It was especially brought home for me when we saw someone who didn't escape it. At one point, some other sleazy documentary filmmaker had gone to Texas and dug up some dirt-poor relation and then flown her out to LA to stir shit up. There was a lot of hanging around in the front yard and shouting about how much she loved Anna and just wanted her to come out and talk to her, and paying for dentistry to repair the relation's horrible, rotting teeth, and so on. It encapsulated so much that is so wrong with this culture. And it also convinced me that she was the kind of person who would totally have married an 80-year-old billionaire if it got her a chance at a different life - who wouldn't do anything to escape that? And also that she probably really loved a man who was kind to her, even if he was a rich geriatric trying to use a naive girl with enormous breasts to stave off death.

Opera is indeed the perfect medium for all this...
posted by Naberius at 8:02 AM on March 12, 2015 [2 favorites]

From what I can tell, the opera is a very symaothetic take on her as a traditional tragic operatic heroine,

Perhaps I am an outlier, but this was not my take at all. I was excited by the opera because I thought it would be this, but instead it reeked of the privileged intelligentsia sneering at a grotesque made even grosser by her abject beginnings (ewww - poor people are so stupid and unrefined!). I was shocked at how condescending it was (and how others I know who saw it did not seem to think this was problematic).
posted by Falconetti at 8:06 AM on March 12, 2015 [1 favorite]

Craig Kilborn on addiction, Anna Nicole, Britney Spears, and making jokes that allow him to sleep at night.

The fact that the people at Covent Garden tried to tell the story well is meaningless.

Intentions are meaningless, outcomes are all that matter.

And the result is that the entertainment media rode the ANS horse in to the ground, then kicked the freshly dead corpse when the final home video came out, and now someone's applying jumper cables to the remains to make the muscles twitch amusingly one last time for the leering mob who want to congratulate themselves one more time for not being a doomed fuck up like that bimbo gold-digger from Texas.

Operatic tragedy? Hardly. Opera is a marginal cultural force in 2015.

This was a mundane, everyday tragedy played out for the entertainment media cameras involving lots of money and family fights, whipped up by the same hunger for other people's dysfunction that made Jerry Springer.

Whatever people intended, they should have done something else. Because at this point, they're vultures circling the corpse, looking for one last tear at the tasty, tasty flesh.
posted by Pirate-Bartender-Zombie-Monkey at 8:14 AM on March 12, 2015 [2 favorites]
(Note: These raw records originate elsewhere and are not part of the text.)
(* Let $\mathbb{L}/\mathbb{K}$ be a finite Galois extension of degree $N$ with Galois group $G=\{g_1,\dots,g_N\}$, $g_1=\mathrm{Id}$, and let $\alpha$ be a primitive element of $\mathbb{L}/\mathbb{K}$. Regard $\mathbb{L}\otimes_\mathbb{K}\mathbb{L}$ as an $\mathbb{L}$-vector space via the left factor, so that for any $\mathbb{K}$-linear $f:\mathbb{L}\to\mathbb{L}$ the map $\mathrm{Id}\otimes f$ is $\mathbb{L}$-linear. Let $m_\alpha:\mathbb{L}\to\mathbb{L}$, $x\mapsto\alpha x$, and choose a nonzero $v\in\mathbb{L}\otimes_\mathbb{K}\mathbb{L}$ with $(\mathrm{Id}\otimes m_\alpha)(v)=\alpha\cdot v$. For $g\in G$ set $v_g=(\mathrm{Id}\otimes g^{-1})(v)$. Then each $v_g$ is an eigenvector of $\mathrm{Id}\otimes m_\alpha$ with eigenvalue $g(\alpha)$, $(\mathrm{Id}\otimes g)(v_h)=v_{hg^{-1}}$ for all $g,h\in G$, $(v_{g_1},\dots,v_{g_N})$ is an $\mathbb{L}$-basis of $\mathbb{L}\otimes_\mathbb{K}\mathbb{L}$, and for every $a\in\mathbb{L}[G]$ the matrix of $\mathrm{Id}\otimes a$ in the basis $(v_{g_1},\dots,v_{g_N})$ equals $D_G(a)^\top$. Moreover, $D_G(a)$ is the matrix, in the $\mathbb{L}$-basis $(g_1,\dots,g_N)$ of $\mathbb{L}[G]$, of the $\mathbb{L}$-linear map $\mathbb{L}[G]\to\mathbb{L}[G]$, $f\mapsto f\circ a$.
   Context: $\mathbb{L}[G]=\{\sum_ga_gg:a_g\in\mathbb{L}\}$ with composition product $(ag)\circ(bh)=(a\,g(b))(gh)$ extended by distributivity; $a=\sum a_gg$ acts on $\mathbb{L}$ as the $\mathbb{K}$-linear map $x\mapsto\sum a_gg(x)$. The $G$-Dickson matrix $D_G(a)$ has rows and columns indexed by $g_1,\dots,g_N$ and entries $D_G(a)_{g,h}=h(a_{h^{-1}g})$. Matrices of linear maps have as columns the coordinates of images of basis vectors. *)

From HB Require Import structures.
From mathcomp Require Import all_boot all_order all_algebra all_fingroup all_field.
Set Implicit Arguments. Unset Strict Implicit. Unset Printing Implicit Defensive.
Import GRing.Theory.
Local Open Scope ring_scope.

(* Paper's K is the base field F; paper's L is the splitting field type L
   (the full space {:L}); G = 'Gal({:L} / 1). *)
Section GaloisTensor.
Variables (F : fieldType) (L : splittingFieldType F).

Notation Gt := (gal_of (fullv : {vspace L})).

(* paper composition  g o h  (apply h first);  in mathcomp (h * g) x = g (h x) *)
Definition gcomp (g h : Gt) : Gt := (h * g)%g.

(* Model of L (x)_K L : the free L-module on a K-basis (vbasis {:L}) of the
   right factor, i.e. row vectors of length \dim {:L} over L.
   The L-structure is the left factor. *)
Definition tdim := \dim (fullv : {vspace L}).
Definition tensT := 'rV[L]_tdim.

(* pure tensor x (x) y *)
Definition tens (x y : L) : tensT :=
  \row_i (x * (coord (vbasis (fullv : {vspace L})) i y)%:A).

(* Id (x) f  (for a K-linear f : L -> L): the L-linear map sending
   x (x) e_i to x (x) f e_i, with e = vbasis {:L} *)
Definition idtens (f : L -> L) (v : tensT) : tensT :=
  \sum_(i < tdim) v 0 i *: tens 1 (f (vbasis (fullv : {vspace L}))`_i).

Definition mulL (a : L) : L -> L := fun x => a * x.

(* group algebra L[G]: a = sum_g a_g g, coefficients a_g = a g *)
Definition galgT := {ffun Gt -> L^o}.

Definition gdelta (g : Gt) : galgT := [ffun k => (k == g)%:R].

Definition galg_act (a : galgT) : L -> L :=
  fun x => \sum_(g in 'Gal(fullv / 1%VS)%g) a g * g x.

(* composition product (a g) o (b h) = (a g(b)) (g o h) *)
Definition galg_comp (a b : galgT) : galgT :=
  \sum_(g in 'Gal(fullv / 1%VS)%g) \sum_(h in 'Gal(fullv / 1%VS)%g)
     (a g * g (b h)) *: gdelta (gcomp g h).

Definition DickG (N : nat) (gs : 'I_N -> Gt) (a : galgT) : 'M[L]_N :=
  \matrix_(i, j) (gs j) (a (gcomp (gs j)^-1%g (gs i))).

End GaloisTensor.

Definition tvg (F : fieldType) (L : splittingFieldType F) (v : tensT L)
  (g : gal_of (fullv : {vspace L})) : tensT L :=
  idtens (fun x => (g^-1)%g x) v.

From HB Require Import structures.
From mathcomp Require Import all_boot all_order all_algebra all_fingroup all_field.
Set Implicit Arguments. Unset Strict Implicit. Unset Printing Implicit Defensive.
Import GRing.Theory.
Local Open Scope ring_scope.

(* The tensor product L (x)_K L is modelled by row vectors over L indexed by a
   K-basis e of L, and Id (x) f acts as right multiplication by the matrix
   [idtens_mx f] whose i-th row holds the coordinates of f e_i.

   Section Eigenvectors: since alpha generates L over K, the eigenvector
   equation for m_alpha propagates to every m_beta, i.e.
   (Id (x) m_beta) v = beta v; conjugating by Id (x) g^-1 gives
   (Id (x) m_beta) v_g = g(beta) v_g, and G permutes the family (v_g).

   Section GaloisGroup: eigenvectors whose eigenvalue maps are distinct
   automorphisms are free by Dedekind's independence of characters; there are
   |G| = [L : K] of the v_g, the L-dimension of L (x)_K L, so they form a
   basis.  Expanding Id (x) a = sum_k a_k m (Id (x) k) on v_h and reindexing
   over G gives the columns of D_G(a)^T, and computing the coefficients of
   g_j o a in L[G] gives D_G(a). *)

Section IdTensor.
Variables (F : fieldType) (L : splittingFieldType F).
Local Notation e := (vbasis (fullv : {vspace L})).

Definition idtens_mx (f : L -> L) : 'M[L]_(tdim L) :=
  \matrix_(i, j) (coord e j (f e`_i))%:A.

Lemma idtensE (f : L -> L) (w : tensT L) : idtens f w = w *m idtens_mx f.
Proof.
apply/rowP=> j; rewrite /idtens summxE !mxE; apply: eq_bigr => i _.
by rewrite !mxE mul1r.
Qed.

Lemma idtens_ext (f g : L -> L) (w : tensT L) :
  f =1 g -> idtens f w = idtens g w.
Proof. by move=> fg; apply: eq_bigr => i _; rewrite fg. Qed.

Lemma idtensZ (f : L -> L) c (w : tensT L) : idtens f (c *: w) = c *: idtens f w.
Proof. by rewrite !idtensE scalemxAl. Qed.

Lemma idtens0 (f : L -> L) : idtens f 0 = 0.
Proof. by rewrite idtensE mul0mx. Qed.

Lemma idtens_sum (f : L -> L) (I : finType) (P : pred I) (w : I -> tensT L) :
  idtens f (\sum_(i | P i) w i) = \sum_(i | P i) idtens f (w i).
Proof. by rewrite idtensE mulmx_suml; apply: eq_bigr => i _; rewrite idtensE. Qed.

Lemma idtens_id (w : tensT L) : idtens id w = w.
Proof.
rewrite idtensE -[RHS]mulmx1; congr (_ *m _); apply/matrixP => i j.
by rewrite !mxE coord_free ?(basis_free (vbasisP _)) // scaler_nat eq_sym.
Qed.

Lemma idtens_comp (f : 'End(L)) (g : L -> L) (w : tensT L) :
  idtens f (idtens g w) = idtens (fun x => f (g x)) w.
Proof.
rewrite !idtensE -mulmxA; congr (_ *m _); apply/matrixP => i j; rewrite !mxE.
rewrite [in RHS](coord_vbasis (memvf (g e`_i))) !linear_sum /= scaler_suml.
by apply: eq_bigr => k _; rewrite !mxE !linearZ /= mulr_algl scalerA.
Qed.

Lemma idtens_sumf (I : finType) (P : pred I) (f : I -> L -> L) (w : tensT L) :
  idtens (fun x => \sum_(k | P k) f k x) w = \sum_(k | P k) idtens (f k) w.
Proof.
rewrite idtensE; under eq_bigr do rewrite idtensE.
rewrite -mulmx_sumr; congr (_ *m _); apply/matrixP => i j.
rewrite summxE !mxE linear_sum scaler_suml; apply: eq_bigr => k _.
by rewrite mxE.
Qed.

Lemma idtens_mulL_comp c (f : L -> L) (w : tensT L) :
  idtens (fun x => c * f x) w = idtens (mulL c) (idtens f w).
Proof.
transitivity (idtens (amull c) (idtens f w)); last first.
  by apply: idtens_ext => x; rewrite lfunE.
by rewrite idtens_comp; apply: idtens_ext => x; rewrite lfunE.
Qed.

Lemma idtens_mulL_scalar (c : F) (w : tensT L) : idtens (mulL c%:A) w = c%:A *: w.
Proof.
rewrite -[in RHS](idtens_id w) !idtensE scalemxAr; congr (_ *m _).
apply/matrixP => i j; rewrite !mxE /mulL mulr_algl !linearZ /=.
by rewrite mulr_algl scalerA mulrC.
Qed.

Lemma idtens_mulLD x y (w : tensT L) :
  idtens (mulL (x + y)) w = idtens (mulL x) w + idtens (mulL y) w.
Proof.
rewrite !idtensE -mulmxDr; congr (_ *m _); apply/matrixP => i j.
by rewrite !mxE /mulL mulrDl linearD /= scalerDl.
Qed.

Lemma idtens_mulLM x y (w : tensT L) :
  idtens (mulL (x * y)) w = idtens (mulL x) (idtens (mulL y) w).
Proof. by rewrite -idtens_mulL_comp; apply: idtens_ext => z; rewrite /mulL mulrA. Qed.

End IdTensor.

Section Eigenvectors.
Variables (F : fieldType) (L : splittingFieldType F).
Local Notation Gt := (gal_of (fullv : {vspace L})).

(* If v is an eigenvector of Id (x) m_alpha with eigenvalue alpha and alpha
   generates L over K, then (Id (x) m_beta) v = beta v for every beta: the set
   of such beta contains K and alpha and is closed under + and *. *)
Lemma eigen_primitive (alpha : L) (v : tensT L) :
    <<1%VS; alpha>>%VS = fullv -> idtens (mulL alpha) v = alpha *: v ->
  forall beta, idtens (mulL beta) v = beta *: v.
Proof.
move=> Halpha Hv beta; pose S b := idtens (mulL b) v = b *: v.
have S_scalar c : S c%:A by rewrite /S idtens_mulL_scalar.
have S_add x y : S x -> S y -> S (x + y).
  by rewrite /S idtens_mulLD => -> ->; rewrite scalerDl.
have S_mul x y : S x -> S y -> S (x * y).
  by rewrite /S idtens_mulLM => Sx ->; rewrite idtensZ Sx scalerA mulrC.
have S_alphaX i : S (alpha ^+ i).
  elim: i => [|i IH]; first by rewrite expr0 -(scale1r 1); apply: S_scalar.
  by rewrite exprS; apply: S_mul.
have : beta \in <<1%VS; alpha>>%VS by rewrite Halpha memvf.
case/(Fadjoin_polyP (K := 1%AS)) => p Kp ->; rewrite horner_coef.
apply: (big_ind S) => [|//|i _]; first by rewrite -(scale0r (1 : L)).
have /vlineP[c ->] : p`_i \in (1%VS : {vspace L}) by apply: (polyOverP Kp).
by apply: S_mul.
Qed.

(* Id (x) g^-1 intertwines m_beta with m_(g beta), so v_g is an eigenvector
   of every Id (x) m_beta with eigenvalue g(beta). *)
Lemma tvg_eigen (v : tensT L) (g : Gt) :
    (forall beta, idtens (mulL beta) v = beta *: v) ->
  forall beta, idtens (mulL beta) (tvg v g) = g beta *: tvg v g.
Proof.
move=> Hv beta; rewrite /tvg -idtens_mulL_comp -idtensZ -Hv.
rewrite (idtens_comp (g^-1)%g); apply: idtens_ext => x; rewrite /mulL rmorphM /=.
by rewrite -galM ?memvf // mulgV gal_id.
Qed.

Lemma tvg_act (v : tensT L) (g h : Gt) :
  idtens (fun x => g x) (tvg v h) = tvg v (gcomp h (g^-1)%g).
Proof.
rewrite /tvg /gcomp (idtens_comp g); apply: idtens_ext => z.
by rewrite invMg invgK galM ?memvf.
Qed.

(* Each Id (x) g is invertible, hence v_g is nonzero when v is. *)
Lemma tvg_neq0 (v : tensT L) (g : Gt) : v != 0 -> tvg v g != 0.
Proof.
apply: contraNneq => vg0; have := tvg_act v g g.
rewrite vg0 idtens0 /gcomp mulVg /tvg invg1 => ->.
by rewrite (idtens_ext _ (g := id)) ?idtens_id // => x; rewrite gal_id.
Qed.

End Eigenvectors.

Section GaloisGroup.
Variables (F : fieldType) (L : splittingFieldType F).
Local Notation Gt := (gal_of (fullv : {vspace L})).
Local Notation G := 'Gal((fullv : {vspace L}) / 1%VS)%g.

(* Reading a fixed nonzero coordinate of the i-th vector turns a linear
   relation into a linear relation between the characters gs_l. *)
Lemma gal_eigen_free N (gs : 'I_N -> Gt) (w : 'I_N -> tensT L) :
    injective gs -> (forall i, w i != 0) ->
    (forall i beta, idtens (mulL beta) (w i) = gs i beta *: w i) ->
  free [tuple w i | i < N].
Proof.
move=> gs_inj w_neq0 w_eigen; apply/freeP => k rel0 i.
have {}rel0 : \sum_(l < N) k l *: w l = 0.
  by apply: etrans rel0; apply: eq_bigr => l _; rewrite nth_mktuple.
have [j wij_neq0] : exists j, w i 0 j != 0.
  apply/existsP; apply: contraR (w_neq0 i) => /existsPn wi0.
  by apply/eqP/rowP => j; rewrite mxE; apply/eqP/negPn.
have rel_beta beta : \sum_(l < N) k l * w l 0 j * gs l beta = 0.
  have := congr1 (fun u : tensT L => idtens (mulL beta) u 0 j) rel0.
  rewrite idtens0 idtens_sum mxE summxE; apply: etrans; apply: eq_bigr => l _.
  by rewrite idtensZ w_eigen scalerA !mxE mulrAC.
pose c g := \sum_(l | gs l == g) k l * w l 0 j.
suff : c (gs i) = 0.
  rewrite /c (big_pred1 i) => [/eqP|l]; last by rewrite inj_eq.
  by rewrite mulf_eq0 (negPf wij_neq0) orbF => /eqP.
apply: (@gal_independent _ _ _ predT c) => // beta _.
apply: etrans (rel_beta beta); rewrite [RHS](partition_big gs predT) //=.
by apply: eq_bigr => g _; rewrite mulr_suml; apply: eq_bigr => l /eqP <-.
Qed.

Lemma tdim_gal : galois 1%VS (fullv : {vspace L}) -> tdim L = #|G|.
Proof. by move/galois_dim; rewrite dimv1 divn1. Qed.

(* Expansion of Id (x) a on the family (v_g): with a = sum_k a_k k, the k-term
   sends v_h to a_k v_(k^-1 h) scaled by the eigenvalue, and reindexing by
   g = k^-1 h gives  (Id (x) a) v_h = sum_g g(a_(h g^-1)) v_g. *)
Lemma idtens_galg_act (v : tensT L) (a : galgT L) (h : Gt) :
    (forall beta, idtens (mulL beta) v = beta *: v) -> h \in G ->
  idtens (galg_act a) (tvg v h)
    = \sum_(g in G) g (a (h * g^-1)%g) *: tvg v g.
Proof.
move=> v_eigen Gh; rewrite /galg_act idtens_sumf.
under eq_bigr do rewrite idtens_mulL_comp tvg_act (tvg_eigen _ v_eigen).
rewrite (reindex_inj (h := fun g => h * g^-1)%g) /=; last first.
  by move=> g1 g2 /mulgI /invg_inj.
apply: eq_big => [g | g _]; first by rewrite groupMl // groupV.
by rewrite /gcomp invMg invgK mulgKV.
Qed.

Lemma galg_comp_delta (a : galgT L) (h g : Gt) : h \in G -> g \in G ->
  galg_comp (gdelta h) a g = h (a (gcomp (h^-1)%g g)).
Proof.
move=> Gh Gg; rewrite /galg_comp sum_ffunE (bigD1 h) //=.
rewrite [X in _ + X]big1 ?addr0 => [|k /andP[_ k_neq_h]]; last first.
  by rewrite sum_ffunE big1 // => l _; rewrite !ffunE (negPf k_neq_h) mul0r scale0r.
have Gk : (g * h^-1)%g \in G by rewrite groupM ?groupV.
rewrite sum_ffunE (bigD1 _ Gk) //= [X in _ + X]big1 ?addr0 => [|k /andP[_ k_neq]].
  by rewrite !ffunE /gcomp mulgKV !eqxx mul1r; apply: mulr1.
rewrite !ffunE /gcomp; suff -> : (g == k * h)%g = false by rewrite scaler0.
by apply: contraNF k_neq => /eqP ->; rewrite mulgK.
Qed.

End GaloisGroup.

Lemma enum_imset (T : finType) (G : {set T}) N (gs : 'I_N -> T) :
    (forall i, gs i \in G) -> (forall g, g \in G -> exists i, gs i = g) ->
  G = gs @: setT.
Proof.
move=> gs_in gs_onto; apply/setP => g.
by apply/idP/imsetP => [/gs_onto[i <-]|[i _ ->]] //; exists i.
Qed.

Theorem mainTheorem7 (F : fieldType) (L : splittingFieldType F)
  (Hgal : galois 1%VS (fullv : {vspace L}))
  (N : nat) (gs : 'I_N -> gal_of (fullv : {vspace L}))
  (gs_inj : injective gs)
  (gs_in : forall i, gs i \in 'Gal(fullv / 1%VS)%g)
  (gs_onto : forall g, g \in 'Gal(fullv / 1%VS)%g -> exists i, gs i = g)
  (gs1 : forall i : 'I_N, nat_of_ord i = 0%N -> gs i = 1%g)
  (alpha : L) (Halpha : <<1%VS; alpha>>%VS = fullv)
  (v : tensT L) (vnz : v != 0)
  (Hv : idtens (mulL alpha) v = alpha *: v) :
  let B := [tuple tvg v (gs i) | i < N] in
  [/\ (forall g, g \in 'Gal(fullv / 1%VS)%g ->
         idtens (mulL alpha) (tvg v g) = g alpha *: tvg v g),
      (forall g h, g \in 'Gal(fullv / 1%VS)%g -> h \in 'Gal(fullv / 1%VS)%g ->
         idtens (fun x => g x) (tvg v h) = tvg v (gcomp h (g^-1)%g)),
      basis_of fullv B,
      (forall a : galgT L,
         \matrix_(i < N, j < N) coord B i (idtens (galg_act a) (tvg v (gs j)))
           = (DickG gs a)^T)
    & (forall a : galgT L,
         \matrix_(i < N, j < N) (galg_comp (gdelta (gs j)) a) (gs i)
           = DickG gs a)].
Proof.
move=> B; have G_enum := enum_imset gs_in gs_onto.
have v_eigen := eigen_primitive Halpha Hv.
have freeB : free B.
  by apply: gal_eigen_free gs_inj _ _ => i; [apply: tvg_neq0 | apply: tvg_eigen].
have sum_G_B (c : gal_of fullv -> L) :
    \sum_(g in 'Gal(fullv / 1%VS)%g) c g *: tvg v g = \sum_(l < N) c (gs l) *: B`_l.
  rewrite G_enum big_imset /=; last by move=> i j _ _ /gs_inj.
  by apply: eq_big => [l | l _]; rewrite ?in_setT ?nth_mktuple.
split.
- by move=> g _; apply: tvg_eigen.
- by move=> g h _ _; apply: tvg_act.
- rewrite basisEfree freeB subvf size_tuple dimvf /=.
  by rewrite [X in (X <= _)%N]mul1n (tdim_gal Hgal) G_enum card_imset // cardsT card_ord.
- move=> a; apply/matrixP => i j.
  by rewrite !mxE (idtens_galg_act _ v_eigen) // sum_G_B coord_sum_free.
- by move=> a; apply/matrixP => i j; rewrite !mxE galg_comp_delta.
Qed.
(That's Craig Ferguson, Pirate-Bartender-Zombie-Monkey.)
posted by dnash at 9:05 AM on March 12, 2015 [1 favorite]

I'm curious what people might think about Mikel Rouse's Dennis Cleveland, which used as its subject Jerry Springer-esque shows. How does it work when its about a fictionalized non-famous person?
posted by lownote at 10:49 AM on March 12, 2015

Dayum. Indeed it is.

I blame the chest cold currently wracking my person.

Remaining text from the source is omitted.